• **Items listed in a dataset**
(* Let $\pi_\theta$ be a policy with parameters $\theta$, acting for horizon $H$, producing states $s_t$, actions $a_t$ and rewards $r_t$ for $t=1,\dots,H$. Let $\gamma\in(0,1)$ be a discount factor and, for $1\le k\le H$, define the truncated (shortened-rollout) policy gradient estimator $$g_k = \sum_{t=k}^H \nabla_\theta \log \pi_\theta(a_t \mid s_t)\cdot G_t, \qquad G_t = \sum_{t'=t}^H \gamma^{t'-t} r_{t'}.$$ Assume $|r_t| \le R_{\max}$ for all $t$ and $\|\nabla_\theta \log \pi_\theta(a_t \mid s_t)\| \le G_{\max}$ for all $t$. Then, with $C = G_{\max}^2 R_{\max}^2$, $$\mathrm{Var}[g_k] \le \frac{C}{(1-\gamma)^2}\left( (H-k+1) - \frac{\gamma\,(1-\gamma^{H-k+1})}{1-\gamma} \right)^2,$$ and this upper bound decreases monotonically as $k$ increases.
   Context: $g_k$ corresponds to starting rollouts after a verified prefix of $k-1$ steps, so that the remaining horizon is $H-k+1$. For the vector-valued random variable $g_k$, $\mathrm{Var}[g_k]$ denotes $\mathbb{E}\|g_k-\mathbb{E}g_k\|^2$, and $\|\cdot\|$ is the Euclidean norm. *)

From HB Require Import structures.
From mathcomp Require Import all_boot all_order all_algebra.
From mathcomp Require Import all_classical all_reals all_analysis.
Set Implicit Arguments. Unset Strict Implicit. Unset Printing Implicit Defensive.
Import Order.TTheory GRing.Theory Num.Theory.
Import numFieldNormedType.Exports.
Local Open Scope ring_scope.

Definition enorm {R : realType} {d : nat} (x : 'rV[R]_d) : R :=
  Num.sqrt (\sum_(i < d) (x 0 i) ^+ 2).

Definition grad {R : realType} {d : nat} (f : 'rV[R]_d -> R) (theta : 'rV[R]_d)
  : 'rV[R]_d := \row_(i < d) derive f theta (delta_mx 0 i).

Definition score {R : realType} {d : nat} {Om S A : Type}
  (pi : 'rV[R]_d -> S -> A -> R) (theta : 'rV[R]_d)
  (s : nat -> Om -> S) (a : nat -> Om -> A) (t : nat) (w : Om) : 'rV[R]_d :=
  grad (fun th => ln (pi th (s t w) (a t w))) theta.

Definition disc_return {R : realType} {Om : Type} (H : nat) (gamma : R)
  (r : nat -> Om -> R) (t : nat) (w : Om) : R :=
  \sum_(t <= t' < H.+1) gamma ^+ (t' - t) * r t' w.

Definition g_est {R : realType} {d : nat} {Om S A : Type}
  (pi : 'rV[R]_d -> S -> A -> R) (theta : 'rV[R]_d)
  (s : nat -> Om -> S) (a : nat -> Om -> A) (r : nat -> Om -> R)
  (H : nat) (gamma : R) (k : nat) (w : Om) : 'rV[R]_d :=
  \sum_(k <= t < H.+1) disc_return H gamma r t w *: score pi theta s a t w.

Definition Evec {R : realType} {dd} {Om : measurableType dd} {d : nat}
  (P : probability Om R) (X : Om -> 'rV[R]_d) : 'rV[R]_d :=
  \row_(i < d) fine (expectation P (fun w => X w 0 i)).

Definition Varvec {R : realType} {dd} {Om : measurableType dd} {d : nat}
  (P : probability Om R) (X : Om -> 'rV[R]_d) : \bar R :=
  expectation P (fun w => (enorm (X w - Evec P X)) ^+ 2).

Definition var_bound {R : realType} (Gmax Rmax gamma : R) (H k : nat) : R :=
  let C := Gmax ^+ 2 * Rmax ^+ 2 in
  C / (1 - gamma) ^+ 2 *
  (((H - k).+1)%:R - gamma * (1 - gamma ^+ (H - k).+1) / (1 - gamma)) ^+ 2.

From HB Require Import structures.
From mathcomp Require Import all_boot all_order all_algebra.
From mathcomp Require Import all_classical all_reals all_analysis.
From mathcomp Require Import ring lra zify measurable_realfun.
Import Order.TTheory GRing.Theory Num.Theory.
Import numFieldNormedType.Exports.
Local Open Scope ring_scope.

(* Each return G_t is at most R_max (1 + gamma + ... + gamma^(H-t)) in absolute
   value, so the triangle inequality bounds |g_k| pointwise by
   G_max R_max T_(H-k+1), where T_n = sum_(i<n) sum_(j<=i) gamma^j
   = (n - gamma (1 - gamma^n) / (1 - gamma)) / (1 - gamma).  The variance of a
   random vector is the sum of the variances of its coordinates, each at most
   the corresponding second moment, hence Var[g_k] <= E |g_k|^2 <= C T_(H-k+1)^2,
   which is the stated bound.  It decreases in k because T_n increases in n. *)

Lemma cauchy_schwarz (R : realFieldType) (n : nat) (u v : 'I_n -> R) :
  (\sum_i u i * v i) ^+ 2 <= (\sum_i u i ^+ 2) * (\sum_i v i ^+ 2).
Proof.
have lagrange : \sum_i \sum_j (u i * v j - u j * v i) ^+ 2 =
    (\sum_i u i ^+ 2) * (\sum_j v j ^+ 2) + (\sum_i v i ^+ 2) * (\sum_j u j ^+ 2)
    - 2 * ((\sum_i u i * v i) * (\sum_j u j * v j)).
  rewrite !big_distrlr /= mulr_sumr -big_split -sumrB /=; apply: eq_bigr => i _.
  by rewrite mulr_sumr -big_split -sumrB /=; apply: eq_bigr => j _; ring.
have : 0 <= \sum_i \sum_j (u i * v j - u j * v i) ^+ 2.
  by apply: sumr_ge0 => i _; apply: sumr_ge0 => j _; exact: sqr_ge0.
rewrite lagrange expr2; lra.
Qed.

Section EuclideanNorm.
Context {R : realType} {d : nat}.
Implicit Types u v : 'rV[R]_d.

Lemma enorm_ge0 v : 0 <= enorm v.
Proof. exact: sqrtr_ge0. Qed.

Lemma enorm_sqr v : enorm v ^+ 2 = \sum_i v 0 i ^+ 2.
Proof. by rewrite sqr_sqrtr // sumr_ge0 // => i _; exact: sqr_ge0. Qed.

Lemma enorm0 : enorm (0 : 'rV[R]_d) = 0.
Proof. by rewrite /enorm big1 ?sqrtr0 // => i _; rewrite mxE expr0n. Qed.

Lemma enormZ (c : R) v : enorm (c *: v) = `|c| * enorm v.
Proof.
rewrite /enorm -sqrtr_sqr -sqrtrM ?sqr_ge0 // mulr_sumr.
by congr Num.sqrt; apply: eq_bigr => i _; rewrite mxE exprMn.
Qed.

Lemma enormD u v : enorm (u + v) <= enorm u + enorm v.
Proof.
rewrite -[leRHS]ger0_norm ?addr_ge0 ?enorm_ge0 // -sqrtr_sqr ler_wsqrtr //.
have uv : \sum_i u 0 i * v 0 i <= enorm u * enorm v.
  rewrite (le_trans (real_ler_norm _)) ?num_real // -sqrtr_sqr -sqrtrM;
    last by rewrite sumr_ge0 // => i _; exact: sqr_ge0.
  exact/ler_wsqrtr/cauchy_schwarz.
have -> : \sum_i (u + v) 0 i ^+ 2 =
    enorm u ^+ 2 + enorm v ^+ 2 + 2 * \sum_i u 0 i * v 0 i.
  rewrite !enorm_sqr mulr_sumr -!big_split /=; apply: eq_bigr => i _.
  by rewrite mxE; ring.
rewrite sqrrD; lra.
Qed.

Lemma ler_enorm_sum (I : Type) (s : seq I) (F : I -> 'rV[R]_d) :
  enorm (\sum_(i <- s) F i) <= \sum_(i <- s) enorm (F i).
Proof.
elim: s => [|x s IH]; first by rewrite !big_nil enorm0.
by rewrite !big_cons (le_trans (enormD _ _)) // lerD2l.
Qed.

Lemma ler_coord_enorm v (i : 'I_d) : `|v 0 i| <= enorm v.
Proof.
rewrite -sqrtr_sqr ler_wsqrtr // (bigD1 i) //= lerDl.
by rewrite sumr_ge0 // => j _; exact: sqr_ge0.
Qed.

End EuclideanNorm.

Definition geom_sum {R : pzSemiRingType} (g : R) (m : nat) : R :=
  \sum_(j < m) g ^+ j.

Definition cum_geom_sum {R : pzSemiRingType} (g : R) (n : nat) : R :=
  \sum_(i < n) geom_sum g i.+1.

Lemma geom_sum_closed (R : fieldType) (g : R) m :
  g != 1 -> geom_sum g m = (1 - g ^+ m) / (1 - g).
Proof.
move=> g1; have g1' : 1 - g != 0 by rewrite subr_eq0 eq_sym.
by rewrite -opprB subrX1 -mulNr opprB mulrAC divff // mul1r.
Qed.

Lemma cum_geom_sum_closed (R : fieldType) (g : R) n : g != 1 ->
  cum_geom_sum g n = (n%:R - g * (1 - g ^+ n) / (1 - g)) / (1 - g).
Proof.
move=> g1; have g1' : 1 - g != 0 by rewrite subr_eq0 eq_sym.
elim: n => [|n IH].
  by rewrite /cum_geom_sum big_ord0 expr0 subrr mulr0 mul0r subrr mul0r.
rewrite /cum_geom_sum big_ord_recr /= -/(cum_geom_sum g n) IH geom_sum_closed //.
by rewrite exprS -natr1; field.
Qed.

Lemma geom_sum_ge0 (R : numDomainType) (g : R) m : 0 <= g -> 0 <= geom_sum g m.
Proof. by move=> g0; rewrite sumr_ge0 // => j _; exact: exprn_ge0. Qed.

Lemma cum_geom_sum_ge0 (R : numDomainType) (g : R) n :
  0 <= g -> 0 <= cum_geom_sum g n.
Proof. by move=> g0; rewrite sumr_ge0 // => i _; exact: geom_sum_ge0. Qed.

Lemma cum_geom_sum_le (R : numDomainType) (g : R) n1 n2 :
  0 <= g -> (n1 <= n2)%N -> cum_geom_sum g n1 <= cum_geom_sum g n2.
Proof.
move=> g0 /subnKC <-; elim: (n2 - n1)%N => [|m IH]; first by rewrite addn0.
rewrite addnS (le_trans IH) // /cum_geom_sum big_ord_recr /= lerDl.
exact: geom_sum_ge0.
Qed.

Lemma sum_discount_from (R : pzSemiRingType) (g : R) H t : (t <= H.+1)%N ->
  \sum_(t <= t' < H.+1) g ^+ (t' - t) = geom_sum g (H.+1 - t).
Proof.
move=> tH; rewrite -{1}[t]add0n big_addn big_mkord.
by apply: eq_bigr => j _; rewrite addnK.
Qed.

Lemma sum_geom_sum_tail (R : pzSemiRingType) (g : R) H k : (k <= H)%N ->
  \sum_(k <= t < H.+1) geom_sum g (H.+1 - t) = cum_geom_sum g (H - k).+1.
Proof.
move=> kH; rewrite -{1}[k]add0n big_addn big_nat_rev big_mkord subSn //.
by apply: eq_bigr => i _; congr geom_sum; have := ltn_ord i; lia.
Qed.

Section VarBound.
Variables (R : realType) (Gmax Rmax gamma : R) (H : nat).
Hypothesis gamma_neq1 : gamma != 1.

Lemma var_bound_sqr k : var_bound Gmax Rmax gamma H k =
  (Gmax * Rmax * cum_geom_sum gamma (H - k).+1) ^+ 2.
Proof.
have g1 : 1 - gamma != 0 by rewrite subr_eq0 eq_sym.
by rewrite /var_bound cum_geom_sum_closed //; field.
Qed.

Lemma var_bound_nonincreasing k1 k2 : 0 <= gamma -> (k1 <= k2)%N ->
  var_bound Gmax Rmax gamma H k2 <= var_bound Gmax Rmax gamma H k1.
Proof.
move=> g0 k12; rewrite !var_bound_sqr !exprMn.
rewrite ler_wpM2l ?(mulr_ge0 (sqr_ge0 _) (sqr_ge0 _)) //.
have le21 : cum_geom_sum gamma (H - k2).+1 <= cum_geom_sum gamma (H - k1).+1.
  by rewrite cum_geom_sum_le // ltnS leq_sub2l.
by rewrite !expr2 ler_pM ?cum_geom_sum_ge0.
Qed.

End VarBound.

Section SecondMoment.
Context d (T : measurableType d) (R : realType) (P : probability T R).

Lemma measurable_sum_in (I : eqType) (s : seq I) (h : I -> T -> R) :
  (forall i, i \in s -> measurable_fun setT (h i)) ->
  measurable_fun setT (fun w => \sum_(i <- s) h i w).
Proof.
move=> mh; rewrite (_ : (fun w => _) =
    fun w => \sum_(i <- s) if i \in s then h i w else 0); last first.
  by apply/funext => w; rewrite [LHS]big_seq [LHS]big_mkcond.
apply: measurable_sum => i; have [/mh //|_] := boolP (i \in s).
exact: measurable_cst.
Qed.

Lemma bounded_Lfun1 {f : T -> R} {c : R} :
  measurable_fun setT f -> (forall w, `|f w| <= c) -> f \in Lfun P 1.
Proof.
move=> mf fc; apply/Lfun1_integrable.
have Pc := finite_measure_integrable_cst P c measurableT.
apply: (le_integrable measurableT _ _ Pc).
  exact/measurable_EFinP.
by move=> w _; rewrite /= lee_fin (le_trans (fc w)) // ler_norm.
Qed.

Lemma variance_le_expectation_sqr {f : T -> R} {c : R} :
  measurable_fun setT f -> (forall w, `|f w| <= c) ->
  ('V_P[f] <= 'E_P[fun w => (f w ^+ 2)%R])%E.
Proof.
move=> mf fc; have f1 := bounded_Lfun1 mf fc.
have ff1 : (f * f)%R \in Lfun P 1.
  apply: (bounded_Lfun1 (c := (c * c)%R)); first exact: measurable_funM.
  by move=> w; rewrite normrM ler_pM.
rewrite /variance covarianceE // (_ : (f * f)%R = fun w => (f w ^+ 2)%R) //.
rewrite -(fineK (expectation_fin_num f1)) -(fineK (expectation_fin_num ff1)).
by rewrite -EFinM -EFinB lee_fin gerBl -expr2 sqr_ge0.
Qed.

Lemma expectation_enorm_sqr n (X : T -> 'rV[R]_n) :
  (forall i, measurable_fun setT (fun w => X w 0 i)) ->
  ('E_P[fun w => (enorm (X w) ^+ 2)%R] =
   \sum_(i < n) 'E_P[fun w => (X w 0 i ^+ 2)%R])%E.
Proof.
move=> mX; rewrite expectation.unlock.
under eq_integral do rewrite enorm_sqr -sumEFin.
rewrite ge0_integral_sum // => [i|i w _]; last by rewrite lee_fin sqr_ge0.
exact/measurable_EFinP/measurable_funX.
Qed.

Lemma Varvec_sum_variance n (X : T -> 'rV[R]_n) :
  (forall i, measurable_fun setT (fun w => X w 0 i)) ->
  Varvec P X = (\sum_(i < n) 'V_P[fun w => (X w 0 i)%R])%E.
Proof.
move=> mX; rewrite /Varvec expectation_enorm_sqr => [|i].
  by apply: eq_bigr => i _; rewrite /variance covariance.unlock; congr expectation;
    apply/funext => w; rewrite /= !mxE expr2.
under eq_fun do rewrite !mxE.
by apply: measurable_funB => //; exact: measurable_cst.
Qed.

Lemma Varvec_le_sqr n (X : T -> 'rV[R]_n) (B : R) :
  (forall i, measurable_fun setT (fun w => X w 0 i)) ->
  (forall w, enorm (X w) <= B) -> (Varvec P X <= (B ^+ 2)%:E)%E.
Proof.
move=> mX XB; rewrite Varvec_sum_variance //.
have var_le : (\sum_(i < n) 'V_P[fun w => (X w 0 i)%R] <=
    \sum_(i < n) 'E_P[fun w => (X w 0 i ^+ 2)%R])%E.
  apply: lee_sum => i _; apply: (variance_le_expectation_sqr (c := B) (mX i)) => w.
  exact: le_trans (ler_coord_enorm _ i) (XB w).
apply: le_trans var_le _; rewrite -expectation_enorm_sqr // -(expectation_cst P).
apply: expectation_le => [||w|w|]; rewrite ?sqr_ge0 //.
- under eq_fun do rewrite enorm_sqr.
  by apply: measurable_sum => i; exact: measurable_funX.
- by apply: aeW => w; rewrite !expr2 ler_pM ?enorm_ge0.
Qed.

End SecondMoment.

Section TruncatedEstimator.
Context {R : realType} {dd : measure_display} {Om : measurableType dd} {d : nat}
  {S A : Type} {policy : 'rV[R]_d -> S -> A -> R} {theta : 'rV[R]_d}
  {s : nat -> Om -> S} {a : nat -> Om -> A} {r : nat -> Om -> R}
  {H : nat} {gamma Gmax Rmax : R}.
Local Notation score := (score policy theta s a).
Local Notation g_est := (g_est policy theta s a r H gamma).

Hypothesis gamma_ge0 : 0 <= gamma.
Hypothesis reward_bounded : forall t w, (1 <= t <= H)%N -> `|r t w| <= Rmax.
Hypothesis score_bounded : forall t w, (1 <= t <= H)%N -> enorm (score t w) <= Gmax.
Hypothesis reward_measurable :
  forall t, (1 <= t <= H)%N -> measurable_fun setT (r t).
Hypothesis score_measurable : forall t (i : 'I_d), (1 <= t <= H)%N ->
  measurable_fun setT (fun w => score t w 0 i).

Lemma abs_disc_return_le t w : (1 <= t <= H)%N ->
  `|disc_return H gamma r t w| <= Rmax * geom_sum gamma (H.+1 - t).
Proof.
move=> /andP[t1 tH]; rewrite -sum_discount_from ?leqW // mulr_sumr.
apply: le_trans (ler_norm_sum _ _ _) _; apply: ler_sum_nat => t' /andP[tt' t'H].
rewrite normrM ger0_norm ?exprn_ge0 // mulrC ler_wpM2r ?exprn_ge0 //.
by rewrite reward_bounded // (leq_trans t1 tt') -ltnS.
Qed.

Lemma enorm_g_est_le k w : (1 <= k)%N -> (k <= H)%N ->
  enorm (g_est k w) <= Gmax * Rmax * cum_geom_sum gamma (H - k).+1.
Proof.
move=> k1 kH; rewrite /g_est (le_trans (ler_enorm_sum _ _ _)) //.
rewrite -sum_geom_sum_tail // mulr_sumr; apply: ler_sum_nat => t /andP[kt tH].
have t1H : (1 <= t <= H)%N by rewrite (leq_trans k1 kt) -ltnS.
rewrite enormZ -[leRHS]mulrA [leRHS]mulrC.
by rewrite ler_pM ?normr_ge0 ?enorm_ge0 ?abs_disc_return_le ?score_bounded.
Qed.

Lemma measurable_g_est_coord k (i : 'I_d) : (1 <= k)%N ->
  measurable_fun setT (fun w => g_est k w 0 i).
Proof.
move=> k1; rewrite (_ : (fun w => _) = fun w =>
    \sum_(k <= t < H.+1) disc_return H gamma r t w * score t w 0 i); last first.
  by apply/funext => w; rewrite summxE; apply: eq_bigr => t _; rewrite mxE.
apply: measurable_sum_in => t; rewrite mem_index_iota => /andP[kt tH].
have t1H : (1 <= t <= H)%N by rewrite (leq_trans k1 kt) -ltnS.
apply: measurable_funM; last exact: score_measurable.
apply: measurable_sum_in => t'; rewrite mem_index_iota => /andP[tt' t'H].
apply: measurable_funM; first exact: measurable_cst.
by apply: reward_measurable; rewrite (leq_trans (leq_trans k1 kt) tt') -ltnS.
Qed.

End TruncatedEstimator.

Theorem theorem3 (R : realType) (dd : measure_display) (Om : measurableType dd)
  (P : probability Om R) (d : nat) (S A : Type)
  (pi : 'rV[R]_d -> S -> A -> R) (theta : 'rV[R]_d)
  (s : nat -> Om -> S) (a : nat -> Om -> A) (r : nat -> Om -> R)
  (H : nat) (gamma Gmax Rmax : R) :
  0 < gamma < 1 ->
  (forall t, (1 <= t <= H)%N -> measurable_fun setT (r t)) ->
  (forall t (i : 'I_d), (1 <= t <= H)%N ->
     measurable_fun setT (fun w => score pi theta s a t w 0 i)) ->
  (forall t w, (1 <= t <= H)%N -> `|r t w| <= Rmax) ->
  (forall t w, (1 <= t <= H)%N -> enorm (score pi theta s a t w) <= Gmax) ->
  (forall k, (1 <= k <= H)%N ->
     (Varvec P (g_est pi theta s a r H gamma k) <=
        (var_bound Gmax Rmax gamma H k)%:E)%E)
  /\
  (forall k1 k2, (1 <= k1)%N -> (k1 <= k2)%N -> (k2 <= H)%N ->
     var_bound Gmax Rmax gamma H k2 <= var_bound Gmax Rmax gamma H k1).
Proof.
move=> /andP[gamma_gt0 gamma_lt1] r_meas score_meas r_bnd score_bnd.
have gamma_neq1 : gamma != 1 by rewrite lt_eqF.
have gamma_ge0 := ltW gamma_gt0.
split=> [k /andP[k_ge1 k_leH] | k1 k2 _ k12 _]; last exact: var_bound_nonincreasing.
rewrite var_bound_sqr //; apply: Varvec_le_sqr => [i|w].
- exact: measurable_g_est_coord.
- exact: enorm_g_est_le.
Qed.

• **The problem**
For the records above, tally the lines holding the word "lerDl". Answer with the number only.

• **Solved exercise**
2